I reckon it's the petroleum distillate they use in it. That's why the stuff reeks to high heaven, especially if you have the misfortune of washing and drying applicator pads with the stuff on.

I wouldn't think they use petroleum distillates in most 'nuba waxes, or at least i hope they don't.


----------



## VIPER (May 30, 2007)

RisingPower said:


> I reckon it's the petroleum distillate they use in it. That's why the stuff reeks to high heaven, especially if you have the misfortune of washing and drying applicator pads with the stuff on.
> 
> I wouldn't think they use petroleum distillates in most 'nuba waxes, or at least i hope they don't.


I must have got a 'dodgy' tin of 476s then (but in a good way) because mine doesn't smell bad, in fact it's not got much smell at all really. And I've found no real problems with washing out application pads either..odd


----------



## RisingPower (Sep 21, 2007)

Strange, mine certainly smells. Not that pleasant either.

Stuck it in a washing machine and everything came out smelling of it for quite a few washes after.


----------



## VIPER (May 30, 2007)

Yeah, that is strange. I can't imagine Collinite allowing a 'batch' of 476 to be shipped out with a strange smell? I wouldn't say mine smells 'pleasant' as such, like some of the Z***l waxes I've used, or even Raceglaze Creme Perfection (anyone smelt that, it's lovely  ), but it's certainly not offensive. Usually when I've waxed the car in the garage with some other brands, I can usually smell it for a day or so everytime I go in, but after the Collinite I couldn't even smell it an hour after, so clearly mine has a very weak odour.


----------



## RisingPower (Sep 21, 2007)

Well ok, not a strange smell, just not a pleasant one. It's ok when everything doesn't smell of it strongly, but it's pretty unpleasant when everything does.

It certainly doesn't smell that strongly out the pot or on the car, but put it in a dryer and it stinks to high heaven.


----------



## charger17 (Mar 28, 2006)

RisingPower said:


> I reckon it's the petroleum distillate they use in it.
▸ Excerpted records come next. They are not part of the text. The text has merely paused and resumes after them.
Lemma integral_memFDP_star_le_LORD t :
  (\int[P]_x (memFDP_star dd theta e al t x)%:E
   <= \int[P]_x (memFDP_LORD dd e al t x)%:E)%E.
Proof.
apply: ge0_le_integral => //.
- by move=> x _; rewrite lee_fin; apply: sumr_ge0 => j _; exact: w0.
- exact/measurable_EFinP/measurable_sum_cond.
- exact/measurable_EFinP/measurable_memFDP_LORD.
by move=> x _; rewrite lee_fin memFDP_star_le_LORD.
Qed.

Section saffron.
Variable lam : nat -> T -> R.
Hypotheses (lam01 : forall t x, 0 < lam t x < 1) (mlam : forall t, measurable_fun setT (lam t)).

Let ws j x := w j x * saffron_factor (e j) (lam j) x.
Let ws0 j x : 0 <= ws j x.
Proof. by rewrite mulr_ge0 ?saffron_factor_ge0 //; case/andP: (lam01 j x). Qed.
Let mws j : measurable_fun setT (ws j).
Proof. exact/measurable_funM/measurable_saffron_factor. Qed.

Lemma memFDP_SAFFRON_ge0 t x : 0 <= memFDP_SAFFRON dd e al lam t x.
Proof. by apply: sumr_ge0 => j _; exact: ws0. Qed.

Lemma measurable_memFDP_SAFFRON t : measurable_fun setT (memFDP_SAFFRON dd e al lam t).
Proof. exact: measurable_sum_cond. Qed.

Lemma integral_memFDP_star_le_SAFFRON t :
  (forall t, (1 <= t)%N -> Fmeas e al t.-1 (lam t)) ->
  (\int[P]_x (memFDP_star dd theta e al t x)%:E
   <= \int[P]_x (memFDP_SAFFRON dd e al lam t x)%:E)%E.
Proof.
move=> Flam; rewrite /memFDP_SAFFRON !ge0_integral_sum_cond //.
apply: (@le_trans _ _ (\sum_(1 <= j < t.+1 | ~~ theta j) \int[P]_x (ws j x)%:E)%E).
  rewrite big_nat_cond [leRHS]big_nat_cond; apply: lee_sum => j /andP[/andP[j1 _] nullj].
  apply: (integral_le_mul_saffron_factor me mal (Ee j1 nullj)) => //.
  - exact: lord_weight_decision_determined (Fal j1).
  - exact: w0.
  - exact: mw.
  - exact: Fmeas_decision_determined (Flam j j1).
apply: lee_sum_nneg_subset => // j _.
by apply: integral_ge0 => x _; rewrite lee_fin.
Qed.
End saffron.

Lemma memFDR_le_of_estimate (F : nat -> T -> R) (alpha : R) :
  0 <= alpha -> (forall t x, 0 <= F t x) -> (forall t, measurable_fun setT (F t)) ->
  (forall t, (\int[P]_x (memFDP_star dd theta e al t x)%:E <= \int[P]_x (F t x)%:E)%E) ->
  (forall t, (1 <= t)%N -> {ae P, forall x, F t x <= alpha}) ->
  forall t, (memFDR P dd theta e al t <= alpha%:E)%E.
Proof.
move=> alpha0 F0 mF starF Falpha t; apply: le_trans (memFDR_le_memFDP_star t) _.
case: t => [|t].
  by rewrite (eq_integral (cst 0%E)) ?integral0 ?lee_fin // => x _; rewrite /memFDP_star big_geq.
exact: le_trans (starF _) (integral_le_of_ae_le alpha0 (F0 _) (mF _) (Falpha _ _)).
Qed.
End memFDR_control.

Theorem proposition3 (d : measure_display) (T : measurableType d) (R : realType)
  (P : probability T R) (alpha dd : R) (theta : nat -> bool)
  (e al : nat -> T -> R) :
  0 < alpha < 1 ->
  0 < dd <= 1 ->
  (forall t x, 0 <= e t x) ->
  (forall t, measurable_fun setT (e t)) ->
  (forall t x, 0 <= al t x) ->
  (forall t, measurable_fun setT (al t)) ->
  (forall t, (1 <= t)%N -> Fmeas e al t.-1 (al t)) ->
  (forall t, (1 <= t)%N -> ~~ theta t -> condexp_le1 P e al t.-1 (e t)) ->
  ((forall t, (1 <= t)%N -> {ae P, forall x, memFDP_LORD dd e al t x <= alpha}) ->
     forall t, (memFDR P dd theta e al t <= alpha%:E)%E)
  /\
  (forall lam : nat -> T -> R,
     (forall t x, 0 < lam t x < 1) ->
     (forall t, measurable_fun setT (lam t)) ->
     (forall t, (1 <= t)%N -> Fmeas e al t.-1 (lam t)) ->
     (forall t, (\int[P]_x (memFDP_star dd theta e al t x)%:E
                 <= \int[P]_x (memFDP_SAFFRON dd e al lam t x)%:E)%E)
     /\
     ((forall t, (1 <= t)%N ->
         {ae P, forall x, memFDP_SAFFRON dd e al lam t x <= alpha}) ->
      forall t, (memFDR P dd theta e al t <= alpha%:E)%E)).
Proof.
move=> /andP[alpha0 _] /andP[dd0 _] e0 me al0 mal Fal Ee.
have control := memFDR_le_of_estimate me mal e0 al0 dd0 Fal Ee (ltW alpha0).
split.
  apply: control.
  - exact: memFDP_LORD_ge0.
  - exact: measurable_memFDP_LORD.
  - exact: integral_memFDP_star_le_LORD.
move=> lam lam01 mlam Flam.
have star_le t := integral_memFDP_star_le_SAFFRON me mal e0 al0 dd0 Fal Ee lam01 mlam t Flam.
split => //; apply: control => //.
- exact: memFDP_SAFFRON_ge0.
- exact: measurable_memFDP_SAFFRON.
Qed.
That's why the stuff reeks to high heaven, especially if you have the misfortune of washing and drying applicator pads with the stuff on.
> 
> I wouldn't think they use petroleum distillates in most 'nuba waxes, or at least i hope they don't.


Petroleum distillate is just another term for solvent, so I would think you'll find it in all carnauba waxes. 
The fact that the waxes contain carnauba does not mean that they will all have similar durability. Silicone is usually added to the wax in order to make it easier to buff off, and some silicones are more durable that others, plus some companies add several silicones to the mix to improve things like shine, durability, ease of use etc. It may be that they add a synthetic wax to the blend, which again can improve durability.


----------



## RisingPower (Sep 21, 2007)

Yes, it's a solvent, but it doesn't mean all 'nuba waxes use the same solvent. Or at least i hope they don't, don't think zymo1s cleaner wax does for one.

Also hope there aren't any silicones in 476s.


----------



## PhillipM (Jun 7, 2007)

Why on earth would you hope that?


----------



## Dodo Factory (Apr 11, 2007)

RisingPower said:


> I reckon it's the petroleum distillate they use in it. That's why the stuff reeks to high heaven, especially if you have the misfortune of washing and drying applicator pads with the stuff on.
> 
> I wouldn't think they use petroleum distillates in most 'nuba waxes, or at least i hope they don't.


This is my personal take on it. The Collinite waxes are very good but they use the mother of all solvents. And the tin is a nuisance to get into and can go rusty  . Great value tho', and a huge inspiration to us at Dodo Juice.

If you use a more user-friendly solvent then it can be tougher to get the same results - we like to think that the Dodo waxes do pretty well durability-wise whilst smelling nice at the some time. The new Doublewax should last even longer than the main Dodo range, and it would be interesting to see that vs Colly.


----------



## RisingPower (Sep 21, 2007)

PhillipM said:


> Why on earth would you hope that?


Because you can't wash foam applicators with it in a machine and then tumble dry, can only get some of it off with fairy liquid. That and it doesn't exactly smell that nice.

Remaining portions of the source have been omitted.